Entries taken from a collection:

(* Fix $m\ge1$, write $x=t_m$, and let $x\mapsto H(x)$ be an integral curve of $X_m$ in $\mathcal H$. Define the differential Faà di Bruno basis $\{F^{(j)}\}_{j\in\mathbb Z}$ at each $x$ by $F^{(a)}=H^{(a)}$ for $a=0,\dots,m-1$ and $F^{(j+m)}=(\partial_x+H^{(m)})F^{(j)}$ for all $j\in\mathbb Z$ (for $j<0$, $F^{(j)}$ is the unique Laurent series in $z$ with $x$-dependent coefficients satisfying this relation; $F^{(j)}=z^j+$lower order). Let $\widetilde{\mathcal H}_+$ be the span of $\{F^{(j)}\}_{j\ge0}$ and $\widetilde{\mathcal H}_-$ the space of (possibly infinite) combinations of $\{F^{(j)}\}_{j<0}$, with coefficients functions of $x$, and let $\tilde\pi_\pm$ be the projections of $\mathcal L=\widetilde{\mathcal H}_+\oplus\widetilde{\mathcal H}_-$. Then $H^{(j)}(x)=\tilde\pi_+(z^j)$ for all $j\ge0$, and the flows induced by the $X_j$ on the orbit space $\mathcal Q_m$ (coordinatized by $(H^{(1)}(x),\dots,H^{(m)}(x))$) are $$\frac{\partial H^{(a)}}{\partial t_j}=-\tilde\pi_-\big(H^{(a)}\,\tilde\pi_+(z^j)\big),\qquad a=1,\dots,m,\ j\ge1 .$$
   Context: Let $z$ be a formal variable and $\mathcal L$ the space of formal Laurent series $\sum_{j\le N} l_j z^j$ (finitely many positive powers of $z$), here with coefficients functions of $x$. Let $\mathcal H$ be the set of sequences $H=(H^{(k)})_{k\ge0}$ with $H^{(0)}=1$ and, for $k\ge1$, $H^{(k)}=z^k+\sum_{l\ge1}H^k_l z^{-l}$; set $H^0_l=0$. The central system (CS) is the family of commuting vector fields $X_j$, $j\ge1$, on $\mathcal H$, with times $t_j$, defined by $$\frac{\partial H^{(k)}}{\partial t_j}=H^{(j+k)}-H^{(j)}H^{(k)}+\sum_{l=1}^{k}H^j_lH^{(k-l)}+\sum_{l=1}^{j}H^k_lH^{(j-l)},\qquad k\ge0.$$ $\mathcal Q_m$ is the space of integral curves (orbits) of $X_m$; an integral curve is determined by its first $m$ currents $H^{(1)}(x),\dots,H^{(m)}(x)$, and since the $X_j$ commute with $X_m$ they induce flows on $\mathcal Q_m$. *)

From HB Require Import structures.
From mathcomp Require Import all_boot all_order all_algebra zify.
Set Implicit Arguments. Unset Strict Implicit. Unset Printing Implicit Defensive.
Import Order.TTheory GRing.Theory Num.Theory.
Local Open Scope ring_scope.

(* Formal Laurent series  sum_{n <= N} l_n z^n  with
   coefficients in a commutative differential ring A (the "functions of x"). *)

Local Obligation Tactic := idtac.

Section Laurent.
Variable A : comPzRingType.

Record laurent := Laurent {
  lcoef : int -> A;
  lbound : int;
  lboundP : forall n : int, lbound < n -> lcoef n = 0 }.

Definition leqL (f g : laurent) : Prop := forall n : int, lcoef f n = lcoef g n.

Definition trunc (z : int) : nat := match z with Posz k => k | Negz _ => 0%N end.

Program Definition lzero : laurent := @Laurent (fun _ => 0) 0 _.
Next Obligation. by []. Qed.

Program Definition lmono (k : int) : laurent :=
  @Laurent (fun n => if n == k then 1 else 0) k _.
Next Obligation. by move=> k n hn /=; rewrite (gt_eqF hn). Qed.

Program Definition ladd (f g : laurent) : laurent :=
  @Laurent (fun n => lcoef f n + lcoef g n) (Num.max (lbound f) (lbound g)) _.
Next Obligation.
move=> f g n /=; rewrite gt_max => /andP[hf hg].
by rewrite (lboundP hf) (lboundP hg) addr0.
Qed.

Program Definition lopp (f : laurent) : laurent :=
  @Laurent (fun n => - lcoef f n) (lbound f) _.
Next Obligation. by move=> f n hn /=; rewrite (lboundP hn) oppr0. Qed.

Definition lsub (f g : laurent) : laurent := ladd f (lopp g).

Program Definition lscale (c : A) (f : laurent) : laurent :=
  @Laurent (fun n => c * lcoef f n) (lbound f) _.
Next Obligation. by move=> c f n hn /=; rewrite (lboundP hn) mulr0. Qed.

(* Cauchy product: (fg)_n = sum_{n - Ng <= i <= Nf} f_i g_(n-i) *)
Program Definition lmul (f g : laurent) : laurent :=
  @Laurent (fun n => \sum_(k < trunc (lbound f + lbound g - n + 1))
                       lcoef f (n - lbound g + k%:Z) * lcoef g (lbound g - k%:Z))
           (lbound f + lbound g) _.
Next Obligation.
move=> f g n hn /=.
have : lbound f + lbound g - n + 1 <= 0.
  by move: hn; lia.
case: (lbound f + lbound g - n + 1) => [k|k] /=; last by rewrite big_ord0.
by rewrite lez_nat leqn0 => /eqP ->; rewrite big_ord0.
Qed.

Variable d : {additive A -> A}.
Program Definition lderiv (f : laurent) : laurent :=
  @Laurent (fun n => d (lcoef f n)) (lbound f) _.
Next Obligation. by move=> f n hn /=; rewrite (lboundP hn) raddf0. Qed.

End Laurent.

Arguments lzero {A}.
Arguments lmono {A}.

Definition is_derivation (A : comPzRingType) (d : {additive A -> A}) : Prop :=
  forall a b : A, d (a * b) = d a * b + a * d b.

Definition lsum (A : comPzRingType) (n : nat) (F : nat -> laurent A) : laurent A :=
  \big[@ladd A/lzero]_(i < n) F i.

(* A point of H is given by the coefficients h k l = H^k_l (k, l >= 1);
   the values h 0 _ and h _ 0 are irrelevant: Hc enforces H^0_l = 0. *)
Definition Hc (A : comPzRingType) (h : nat -> nat -> A) (k l : nat) : A :=
  if (k == 0)%N || (l == 0)%N then 0 else h k l.

(* H^(k) = z^k + sum_{l>=1} H^k_l z^{-l}  (H^(0) = 1) *)
Program Definition Hs (A : comPzRingType) (h : nat -> nat -> A) (k : nat) : laurent A :=
  @Laurent A (fun n => (if n == k%:Z then 1 else 0) + (if n < 0 then Hc h k `|n|%N else 0))
           k%:Z _.
Next Obligation.
move=> A h k n hn /=.
have hn0 : ~~ (n < 0) by rewrite -leNgt; apply: le_trans (ltW hn).
by rewrite (negbTE hn0) (gt_eqF hn) addr0.
Qed.

(* right-hand side of the central system: d H^(k) / d t_j *)
Definition CS (A : comPzRingType) (h : nat -> nat -> A) (j k : nat) : laurent A :=
  ladd (lsub (Hs h (j + k)) (lmul (Hs h j) (Hs h k)))
       (ladd (lsum k (fun i => lscale (Hc h j i.+1) (Hs h (k - i.+1))))
             (lsum j (fun i => lscale (Hc h k i.+1) (Hs h (j - i.+1))))).

(* x |-> H(x) is an integral curve of X_m, with x = t_m and d = d/dx *)
Definition integral_curve (A : comPzRingType) (d : {additive A -> A})
    (h : nat -> nat -> A) (m : nat) : Prop :=
  forall k : nat, leqL (lderiv d (Hs h k)) (CS h m k).

Definition is_FdB (A : comPzRingType) (d : {additive A -> A})
    (h : nat -> nat -> A) (m : nat) (F : int -> laurent A) : Prop :=
  [/\ forall a : nat, (a < m)%N -> leqL (F a%:Z) (Hs h a),
      forall j : int, leqL (F (j + m%:Z)) (ladd (lderiv d (F j)) (lmul (Hs h m) (F j)))
    & forall j : int, lcoef (F j) j = 1 /\ forall n : int, j < n -> lcoef (F j) n = 0].

(* f = sum_j c_j F^(j), with c_j = 0 for j > N (finite positive part, possibly
   infinite negative part; the n-th coefficient only involves j >= n since
   F^(j) = z^j + lower order terms) *)
Definition decomp (A : comPzRingType) (F : int -> laurent A) (f : laurent A)
    (c : int -> A) (N : nat) : Prop :=
  (forall j : int, N%:Z < j -> c j = 0) /\
  forall n : int, lcoef f n =
    \sum_(k < trunc (N%:Z - n + 1)) c (n + k%:Z) * lcoef (F (n + k%:Z)) n.

Definition piplus (A : comPzRingType) (F : int -> laurent A) (c : int -> A) (N : nat)
    : laurent A :=
  lsum N.+1 (fun j => lscale (c j%:Z) (F j%:Z)).

Definition piminus (A : comPzRingType) (F : int -> laurent A) (f : laurent A)
    (c : int -> A) (N : nat) : laurent A :=
  lsub f (piplus F c N).

From HB Require Import structures.
From mathcomp Require Import all_boot all_order all_algebra zify ring.
Import Order.TTheory GRing.Theory Num.Theory.
Set Implicit Arguments. Unset Strict Implicit. Unset Printing Implicit Defensive.
Local Open Scope ring_scope.

(* The span [H~_+] of the [F^(i)], [i >= 0], is stable under [d/dx + H^(m)],
   which shifts [F^(i)] to [F^(i+m)].  Along an integral curve of [X_m] the
   central system expresses [H^(k+m)] as [(d/dx + H^(m)) H^(k)] minus
   combinations of lower [H]'s, so every [H^(j)] lies in [H~_+].  As
   [F^(j) = z^j + O(z^(j-1))], an element of [H~_+] is determined by its
   coefficients of nonnegative degree; since [H^(j) = z^j + O(z^-1)] this
   gives [pi_+(z^j) = H^(j)].  Likewise the nonnegative part of
   [H^(a) H^(j)] is [H^(a+j)] plus combinations of lower [H]'s, which lies in
   [H~_+] and is therefore [pi_+(H^(a) H^(j))]; the central system says that
   [dH^(a)/dt_j] is exactly this minus [H^(a) H^(j)], i.e. [-pi_-]. *)

Lemma le_trunc (x : int) : x <= (trunc x)%:Z.
Proof. by case: x => [k|k] //=; rewrite lez_nat. Qed.

Lemma truncK (x : int) : 0 <= x -> (trunc x)%:Z = x.
Proof. by case: x. Qed.

Lemma trunc_le0 (x : int) : x <= 0 -> trunc x = 0%N.
Proof. by case: x => [k|k] //=; rewrite lez_nat leqn0 => /eqP. Qed.

Lemma trunc_leq (x : int) (y : nat) : x <= y%:Z -> (trunc x <= y)%N.
Proof. by case: x => [k|k] //=; rewrite lez_nat. Qed.

Lemma sum_ord_widen_zero (A : nmodType) (T T' : nat) (x : nat -> A) :
  (T <= T')%N -> (forall k, (T <= k)%N -> x k = 0) ->
  \sum_(k < T) x k = \sum_(k < T') x k.
Proof.
move=> hT hx; rewrite -(subnKC hT) big_split_ord /= [X in _ = _ + X]big1 ?addr0 //.
by move=> k _; apply: hx; apply: leq_addr.
Qed.

Lemma sum_ord_widen_if (A : nmodType) (M M' : nat) (x : nat -> A) : (M <= M')%N ->
  \sum_(i < M) x i = \sum_(i < M') (if (i < M)%N then x i else 0).
Proof. by move=> hM; rewrite (big_ord_widen _ x hM) big_mkcond. Qed.

Section LaurentProduct.
Variable A : comPzRingType.
Implicit Types f g : laurent A.

(* [lmul] is [lconv] with [B := lbound g]; [lmulE] frees both [B] and [L]. *)
Definition lconv f g (n B : int) (L : nat) : A :=
  \sum_(k < L) lcoef f (n - B + k%:Z) * lcoef g (B - k%:Z).

Lemma lconv_shift f g n B (D L : nat) :
  (forall k, B < k -> lcoef g k = 0) ->
  lconv f g n (B + D%:Z) (D + L) = lconv f g n B L.
Proof.
move=> hg; rewrite /lconv big_split_ord /= big1 ?add0r.
  apply: eq_bigr => i _ /=; congr (lcoef f _ * lcoef g _); lia.
move=> i _ /=; rewrite hg ?mulr0 //; have := ltn_ord i; lia.
Qed.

Your task ▸ Look above for the line with "Definition lsub (f" and the line with "(* Cauchy product: (fg)_n". Retype those two lines and every line between them exactly, adding nothing.

Result of the task ▸
Definition lsub (f g : laurent) : laurent := ladd f (lopp g).

Program Definition lscale (c : A) (f : laurent) : laurent :=
  @Laurent (fun n => c * lcoef f n) (lbound f) _.
Next Obligation. by move=> c f n hn /=; rewrite (lboundP hn) mulr0. Qed.

(* Cauchy product: (fg)_n = sum_{n - Ng <= i <= Nf} f_i g_(n-i) *)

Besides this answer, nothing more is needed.